Teens and Volunteerism: Try It, They’ll Love It!

As adults, when we look at the adolescent who rolls their eyes when asked to mow the lawn or procrastinates over cleaning their room, the idea of this same teen volunteering in the community seems laughable. The joke may be on you, because teen volunteerism is on the rise. A recent report from Independent Sector showed that about 13 million teenagers ages 12 to 17 (60 percent) volunteer an average of 3 1/2 hours per week. Some of this increase is due to the fact that more and more schools are including community service as part of their curriculum.

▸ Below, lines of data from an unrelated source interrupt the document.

(* Let $f(X)=N(N-1)\sum_{i=1}^{\ell}\beta_i\,t(H_i,X)$ be a subgraph-counting function. Let $X,Y\in\{0,1\}^n$ differ only in a single index $k$, let $j$ be an index, and let $e_j,e_k$ be the edges (vertex pairs) corresponding to $j,k$. If $e_j$ and $e_k$ share a common vertex, then $$|\partial_jf(X)-\partial_jf(Y)|\le\sum_{i=1}^{\ell}\frac{2|\beta_i|\,|E(H_i)|^2}{\sqrt n}.$$ If $e_j$ and $e_k$ do not share a common vertex, then $$|\partial_jf(X)-\partial_jf(Y)|\le\sum_{i=1}^{\ell}\frac{6|\beta_i|\,|E(H_i)|^2}{n}.$$
   Context: $n=\binom N2$; $X\in\{0,1\}^n$ is identified with a simple graph on $[N]$, coordinates indexed by unordered vertex pairs. For a finite simple graph $H$ on $[m]$, $t(H,X)$ is the number of injective homomorphisms $H\to X$ divided by $N(N-1)\cdots(N-m+1)$. $\partial_jf(X)=\frac12\big(f(X\text{ with coordinate }j\text{ set to }1)-f(X\text{ with coordinate }j\text{ set to }0)\big)$. *)

From HB Require Import structures.
From mathcomp Require Import all_boot all_order all_algebra.
Set Implicit Arguments. Unset Strict Implicit. Unset Printing Implicit Defensive.
Import Order.TTheory GRing.Theory Num.Theory.
Local Open Scope ring_scope.

(* Unordered pairs of distinct vertices of [N] (= 'I_N): the n = 'C(N,2)
   coordinates of {0,1}^n. *)
Definition upair (N : nat) := {e : {set 'I_N} | #|e| == 2%N}.
HB.instance Definition _ N := Finite.copy (upair N) {e : {set 'I_N} | #|e| == 2%N}.

(* A simple graph on [N], identified with X in {0,1}^n. *)
Definition graph (N : nat) := {ffun upair N -> bool}.

Definition is_edge N (X : graph N) (s : {set 'I_N}) : bool :=
  [exists e : upair N, (val e == s) && X e].

Definition nedges m (H : graph m) : nat := #|[pred e : upair m | H e]|.

Definition inj_hom m N (H : graph m) (X : graph N) : nat :=
  #|[pred phi : {ffun 'I_m -> 'I_N} | injectiveb phi &&
     [forall e : upair m, H e ==> is_edge X (phi @: val e)]]|.

Definition tdens (R : fieldType) m N (H : graph m) (X : graph N) : R :=
  (inj_hom H X)%:R / (N ^_ m)%:R.

Definition subgraph_count (R : fieldType) N (l : nat) (m : 'I_l -> nat)
  (H : forall i, graph (m i)) (beta : 'I_l -> R) (X : graph N) : R :=
  (N * N.-1)%:R * \sum_(i < l) beta i * tdens R (H i) X.

Definition setc N (X : graph N) (j : upair N) (b : bool) : graph N :=
  [ffun e => if e == j then b else X e].

Definition dpart (R : fieldType) N (f : graph N -> R) (j : upair N) (X : graph N) : R :=
  (f (setc X j true) - f (setc X j false)) / 2%:R.

(* Write c = N(N-1).  Up to the factor c/2, the difference d_j f(X) - d_j f(Y)
   is sum_i beta_i Delta_i / N^_(m_i), where Delta_i is a signed count of
   injections phi : H_i -> [N].  Since X and Y differ only at k, phi
   contributes nothing unless it maps some edge of H_i onto e_j and some edge
   onto e_k, and then it contributes at most 1.  Fixing the two edges of H_i
   (|E(H_i)|^2 choices), such a phi is pinned on the 3 endpoints of
   e_j u e_k when they share a vertex, and on the 4 endpoints up to the
   4 orientations otherwise; hence there are at most |E|^2 N^_m / N^_3,
   resp. 4 |E|^2 N^_m / N^_4, of them.  The bounds follow from
   c / (2 N^_3) = 1 / (2 (N - 2)) <= 2 / sqrt n  and  4 c / (2 N^_4) <= 6 / n. *)

From HB Require Import structures.
From mathcomp Require Import all_boot all_order all_algebra all_fingroup zify ring lra.
Import Order.TTheory GRing.Theory Num.Theory.

Set Implicit Arguments. Unset Strict Implicit. Unset Printing Implicit Defensive.

Lemma leq_card_bigcup (I : Type) (T : finType) (r : seq I) (P : pred I) (F : I -> {set T}) :
  #|\bigcup_(i <- r | P i) F i| <= \sum_(i <- r | P i) #|F i|.
Proof.
elim/big_ind2: _ => [|p A q B leA leB|//]; first by rewrite cards0.
by rewrite (leq_trans (leq_card_setU A B)) ?leq_add.
Qed.

Lemma cards2_other (T : finType) (A : {set T}) z : #|A| == 2 -> z \in A ->
  exists2 x, x != z & A = [set z; x].
Proof.
case/cards2P => p [q [pq ->]]; rewrite !inE => /orP[] /eqP ->.
  by exists q; rewrite // eq_sym.
by exists p; rewrite // setUC.
Qed.

Lemma in_set2_neq (T : finType) (z x t : T) : t \in [set z; x] -> t != z -> t = x.
Proof. by rewrite !inE => /orP[/eqP->|/eqP//]; rewrite eqxx. Qed.

Lemma inj_set2_values (aT rT : finType) (f : aT -> rT) p q (x1 x2 : rT) :
  injective f -> p != q -> f p \in [set x1; x2] -> f q \in [set x1; x2] ->
  (f p, f q) \in [:: (x1, x2); (x2, x1)].
Proof.
move=> f_inj; rewrite -(inj_eq f_inj) !inE => pq /orP[]/eqP fp /orP[]/eqP fq.
all: by move: pq; rewrite fp fq ?eqxx ?orbT.
Qed.

Section Pinned.
Variables aT rT : finType.
Implicit Types (cs : seq (aT * rT)) (phi : {ffun aT -> rT}).

Definition pinned cs : {set {ffun aT -> rT}} :=
  [set phi : {ffun aT -> rT} | injectiveb phi & all (fun p => phi p.1 == p.2) cs].

Lemma card_pinned_nil : #|pinned [::]| = #|rT| ^_ #|aT|.
Proof. by rewrite -card_inj_ffuns; apply: eq_card => phi; rewrite !inE andbT. Qed.

Lemma pinned_cons phi v y cs :
  (phi \in pinned ((v, y) :: cs)) = (phi v == y) && (phi \in pinned cs).
Proof. by rewrite !inE /= andbCA. Qed.

Lemma pinned_fresh phi cs v :
  phi \in pinned cs -> v \notin map fst cs -> phi v \notin map snd cs.
Proof.
rewrite inE => /andP[/injectiveP phi_inj /allP phi_cs] v_cs.
apply: contra v_cs => /mapP[[u x] ux /= vx].
by have /eqP := phi_cs _ ux; rewrite /= -vx => /phi_inj <-; apply: (map_f fst ux).
Qed.

Lemma card_pinned_swap v y z cs : y \notin map snd cs -> z \notin map snd cs ->
  #|pinned ((v, y) :: cs)| <= #|pinned ((v, z) :: cs)|.
Proof.
(* Composing with the transposition (y z) is injective and maps the left set into the right one. *)
move=> y_cs z_cs; pose g phi := [ffun i => tperm y z (phi i)].
have g_inj : injective g.
  move=> p q /ffunP gpq; apply/ffunP => i.
  by apply: (perm_inj (s := tperm y z)); have := gpq i; rewrite !ffunE.
rewrite -(card_imset _ g_inj); apply/subset_leq_card/subsetP => _ /imsetP[phi + ->].
rewrite !inE => /and3P[/injectiveP phi_inj /eqP phi_v phi_cs].
apply/and3P; split.
- by apply/injectiveP => a b; rewrite !ffunE => /perm_inj/phi_inj.
- by rewrite ffunE phi_v tpermL.
apply/allP => -[u x] ux; rewrite ffunE /=; have /eqP -> := allP phi_cs _ ux.
have x_cs : x \in map snd cs by apply: map_f ux.
by rewrite tpermD // eq_sym; [apply: (memPn y_cs) | apply: (memPn z_cs)].
Qed.

Lemma card_pinned_cons v y cs : v \notin map fst cs -> y \notin map snd cs ->
  #|pinned cs| = #|~: [set x in map snd cs]| * #|pinned ((v, y) :: cs)|.
Proof.
move=> v_cs y_cs; rewrite -sum1_card (partition_big (fun phi => phi v) predT) //=.
rewrite (bigID (mem (map snd cs))) /= big1 => [|z z_cs]; last first.
  apply: big_pred0 => phi; apply/negbTE/negP => /andP[phi_pin /eqP phi_v].
  by have := pinned_fresh phi_pin v_cs; rewrite phi_v z_cs.
rewrite /= add0n -sum_nat_const; apply: eq_big => [z|z]; first by rewrite !inE.
move=> z_cs; transitivity #|pinned ((v, z) :: cs)|.
  by rewrite -sum1_card; apply: eq_bigl => phi; rewrite pinned_cons andbC.
by apply/eqP; rewrite eqn_leq !card_pinned_swap.
Qed.

Lemma card_pinned_ffact cs : uniq (map fst cs) ->
  #|pinned cs| * #|rT| ^_ (size cs) <= #|rT| ^_ #|aT|.
Proof.
elim: cs => [|[v y] cs IHcs] /=; first by rewrite muln1 card_pinned_nil.
case/andP=> v_cs /IHcs; have [y_cs _|y_cs] := boolP (y \in map snd cs).
  suff -> : pinned ((v, y) :: cs) = set0 by rewrite cards0.
  apply/setP => phi; rewrite in_set0 pinned_cons; apply/negP => /andP[/eqP phi_v].
  by move/pinned_fresh/(_ v_cs); rewrite phi_v y_cs.
apply: leq_trans; rewrite (card_pinned_cons v_cs y_cs) ffactnSr.
rewrite [_ * #|pinned _|]mulnC -mulnA leq_mul // mulnC leq_mul // leq_subLR.
have <- := cardsC [set x in map snd cs].
by rewrite leq_add2r cardsE (leq_trans (card_size _)) ?size_map.
Qed.

Lemma card_pinned_cover (S : seq (seq (aT * rT))) r (A : {set {ffun aT -> rT}}) :
  A \subset \bigcup_(cs <- S) pinned cs ->
  {in S, forall cs, uniq (map fst cs) /\ size cs = r} ->
  #|A| * #|rT| ^_ r <= size S * #|rT| ^_ #|aT|.
Proof.
move=> A_sub S_ok; have card_A := leq_trans (subset_leq_card A_sub) (leq_card_bigcup _ _ _).
apply: leq_trans (leq_mul card_A (leqnn _)) _.
rewrite -sum1_size !big_distrl /= !big_seq; apply: leq_sum => cs cs_S.
by have [uniq_cs <-] := S_ok cs cs_S; rewrite mul1n card_pinned_ffact.
Qed.

End Pinned.

Section PairImages.
Variables aT rT : finType.
Implicit Types (a b : {set aT}) (J K : {set rT}).

Definition inj_onto (a : {set aT}) (J : {set rT}) (b : {set aT}) (K : {set rT}) :
    {set {ffun aT -> rT}} :=
  [set phi : {ffun aT -> rT} | [&& injectiveb phi, phi @: a == J & phi @: b == K]].

Lemma card_inj_onto_meet a J b K : #|J| == 2 -> #|K| == 2 -> J != K -> J :&: K != set0 ->
  #|inj_onto a J b K| * #|rT| ^_ 3 <= #|rT| ^_ #|aT|.
Proof.
move=> J2 K2 JK /set0Pn[z]; rewrite inE => /andP[zJ zK].
have [x xz EJ] := cards2_other J2 zJ; have [y yz EK] := cards2_other K2 zK.
have xy : x != y by apply: contraNneq JK => exy; rewrite EJ EK exy.
have [->|[phi0]] := set_0Vmem (inj_onto a J b K); first by rewrite cards0.
rewrite inE => /and3P[/injectiveP inj0 /eqP a_J /eqP b_K].
have /imsetP[w wa zw] : z \in phi0 @: a by rewrite a_J.
have /imsetP[w' w'b zw'] : z \in phi0 @: b by rewrite b_K.
have /imsetP[u ua xu] : x \in phi0 @: a by rewrite a_J EJ !inE eqxx orbT.
have /imsetP[v vb yv] : y \in phi0 @: b by rewrite b_K EK !inE eqxx orbT.
have wb : w \in b by rewrite (inj0 w w') -?zw.
rewrite -[_ ^_ #|aT|]mul1n; apply: (card_pinned_cover (S := [:: [:: (w, z); (u, x); (v, y)]])).
  apply/subsetP => phi; rewrite inE => /and3P[/injectiveP phi_inj /eqP phi_a /eqP phi_b].
  rewrite big_seq1 !pinned_cons inE.
  have phi_J t : t \in a -> phi t \in [set z; x] by rewrite -EJ -phi_a; apply: imset_f.
  have phi_K t : t \in b -> phi t \in [set z; y] by rewrite -EK -phi_b; apply: imset_f.
  have phi_w : phi w = z.
    apply/eqP; apply: contraNT xy => phi_w_z.
    by rewrite -(in_set2_neq (phi_J w wa) phi_w_z) (in_set2_neq (phi_K w wb) phi_w_z).
  have phi_u : phi u = x.
    by apply: in_set2_neq (phi_J u ua) _; rewrite -phi_w (inj_eq phi_inj) -(inj_eq inj0) -zw -xu.
  have phi_v : phi v = y.
    by apply: in_set2_neq (phi_K v vb) _; rewrite -phi_w (inj_eq phi_inj) -(inj_eq inj0) -zw -yv.
  by rewrite phi_w phi_u phi_v !eqxx andbT; apply/injectiveP.
move=> cs; rewrite inE => /eqP-> /=; split=> //.
by rewrite !inE negb_or -!(inj_eq inj0) -zw -xu -yv eq_sym xz eq_sym yz xy.
Qed.

Lemma card_inj_onto_disjoint a J b K : #|J| == 2 -> #|K| == 2 -> J :&: K = set0 ->
  #|inj_onto a J b K| * #|rT| ^_ 4 <= 4 * #|rT| ^_ #|aT|.
Proof.
move=> /cards2P[x1 [x2 [x12 EJ]]] /cards2P[y1 [y2 [y12 EK]]] JK0.
have [->|[phi0]] := set_0Vmem (inj_onto a J b K); first by rewrite cards0.
rewrite inE => /and3P[/injectiveP inj0 /eqP a_J /eqP b_K].
have /imsetP[a1 a1a x1a1] : x1 \in phi0 @: a by rewrite a_J EJ !inE eqxx.
have /imsetP[a2 a2a x2a2] : x2 \in phi0 @: a by rewrite a_J EJ !inE eqxx orbT.
have /imsetP[b1 b1b y1b1] : y1 \in phi0 @: b by rewrite b_K EK !inE eqxx.
have /imsetP[b2 b2b y2b2] : y2 \in phi0 @: b by rewrite b_K EK !inE eqxx orbT.
have JK_neq (s t : rT) : s \in J -> t \in K -> s != t.
  move=> sJ tK; apply/eqP => st; rewrite -st in tK.
  by have := in_setI s J K; rewrite JK0 in_set0 sJ tK.
have img_neq s t : phi0 s != phi0 t -> s != t by apply: contraNneq => ->.
have JK_img_neq s t : phi0 s \in J -> phi0 t \in K -> s != t.
  by move=> sJ tK; apply/img_neq/JK_neq.
have a12 : a1 != a2 by rewrite img_neq // -x1a1 -x2a2.
have b12 : b1 != b2 by rewrite img_neq // -y1b1 -y2b2.
have uniq_ab : uniq [:: a1; a2; b1; b2].
  by rewrite /= !inE !negb_or a12 b12 !JK_img_neq // -?x1a1 -?x2a2 -?y1b1 -?y2b2 ?EJ ?EK !inE eqxx ?orbT.
pose S := [seq [:: (a1, p.1); (a2, p.2); (b1, q.1); (b2, q.2)]
          | p <- [:: (x1, x2); (x2, x1)], q <- [:: (y1, y2); (y2, y1)]].
apply: (card_pinned_cover (S := S)); last first.
  by move=> _ /allpairsP[[p q] [_ _ ->]].
apply/subsetP => phi; rewrite inE => /and3P[/injectiveP phi_inj /eqP phi_a /eqP phi_b].
have phi_J t : t \in a -> phi t \in [set x1; x2] by rewrite -EJ -phi_a; apply: imset_f.
have phi_K t : t \in b -> phi t \in [set y1; y2] by rewrite -EK -phi_b; apply: imset_f.
have phi_S : [:: (a1, phi a1); (a2, phi a2); (b1, phi b1); (b2, phi b2)] \in S.
  apply/allpairsP; exists ((phi a1, phi a2), (phi b1, phi b2)).
  by split; rewrite //= inj_set2_values ?phi_J ?phi_K.
rewrite (big_rem _ phi_S) in_setU /= !pinned_cons !eqxx inE andbT.
by apply/orP; left; apply/injectiveP.
Qed.
End PairImages.

Local Open Scope ring_scope.

Lemma natr_card (R : pzSemiRingType) (T : finType) (A : {pred T}) :
  #|A|%:R = \sum_t (t \in A)%:R :> R.
Proof. by rewrite -sum1_card natr_sum big_mkcond; apply: eq_bigr => t _; case: (t \in A). Qed.

Section EdgeUpdate.
Variables (N : nat) (j : upair N).
Implicit Types (Z : graph N) (s : {set 'I_N}).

The Benefits of Teen Volunteerism

Encouraging teens to volunteer is one of the best pieces of advice an adult can offer. Research shows several benefits for teens who engage in community services.

Teens who volunteer:

  • Perform better in school.
  • Have higher self-esteem and more resiliency.
  • Are 50 percent less likely to smoke, drink or do drugs.
  • Improve their chances of graduating at the top of their class.
  • Gain new skills necessary in the job market, such as leadership, decision-making and communication skills.
  • Look more attractive on college and scholarship applications.
  • Find new career opportunities they hadn’t thought of before. For example, students working in a senior citizen center may discover they would like to work in the human services field.
  • Are less likely to become pregnant.
  • Are more likely to feel valued.
  • Develop better appreciation for the little things in life as they are exposed to people and circumstances they had not encountered before.
  • Feel empowered. Volunteerism teaches teens that they can make a difference in the world. Surprisingly, adolescents who volunteer are likely to repeat the experience, because they love it! Research shows a direct correlation exists between people volunteering when they are young and continuing their service as they get older.

How Should Teens Get Started?

Trying to connect teens with community service projects may seem hard at first, but we have some tips. First, talk to the adolescent about his/her strengths and interests. You want to match their natural talents with a need that fits. If the teen likes animals, the local shelter would be worth a try. If the teen enjoys talking to people, a retirement home should be considered. Second, make a list of possible volunteer opportunities. In the next section of this blog, we will offer a list of possibilities. Third, suggest the teen make arrangements for a short-term project first as a trial run. Before they make a commitment, they should make sure they enjoy the work. Fourth, once they do commit to a volunteer project, help them to stay the course. There are almost always challenges, personality clashes, unexpected needs and alternative activities that look more fun. Be a good listener to these problems, but emphasize the importance of meeting obligations. Finally, consider volunteering with them, or encourage the teen to volunteer with their friends. Starting something new with someone you know is always easier.

What Volunteer Projects Are Available for Teens?

Middle Earth recently conducted an online poll on their website asking “what is your teen doing to give back to the community?” Most people indicated that their teen was getting involved in school-sponsored charity collections, fundraisers or events. This is definitely a great way to begin volunteering, but don’t stop there!

There are lots of community service opportunities for teenagers. You can often get information on projects from schools, local youth centers (such as Middle Earth), contacting your local United Way or visiting nonprofit websites. Here are some ideas:

  • Organize a blood drive for the Red Cross.
  • Collections! Hold a drive to collect food for the food bank, suitcases for foster kids, or pop tabs for the Ronald McDonald House.
  • Run a themed event for young kids at the local library.
  • Assist in building a home with Habitat for Humanity.
  • Make a ‘tray favor’ for meal trays, such as a napkin ring, delivered through Meals on Wheels. It brightens up someone’s day and teens enjoy making the little treasures.
  • Help clean-up or improve trails or plant trees at a State Park.
  • Be a companion at senior citizen center.
  • Take care of animals at the shelter.
  • Send troop care packages.
  • Mail letters to sick children.
  • Help out a fundraiser event.

Don’t Deprive Teens of Their Chance to Shine

Teenagers need the chance to make a difference in their families, at schools and in their communities. These opportunities help them become aware of the needs of others, encourage a sense of personal responsibility to contribute to the larger society, and opens the door to possibility. Young people want to be involved in making the world a better place, and volunteerism significantly improves their chance of becoming a responsible and productive adult. So, don’t just use the phrase “try it, you might like it” with dinner… use it with volunteerism, too!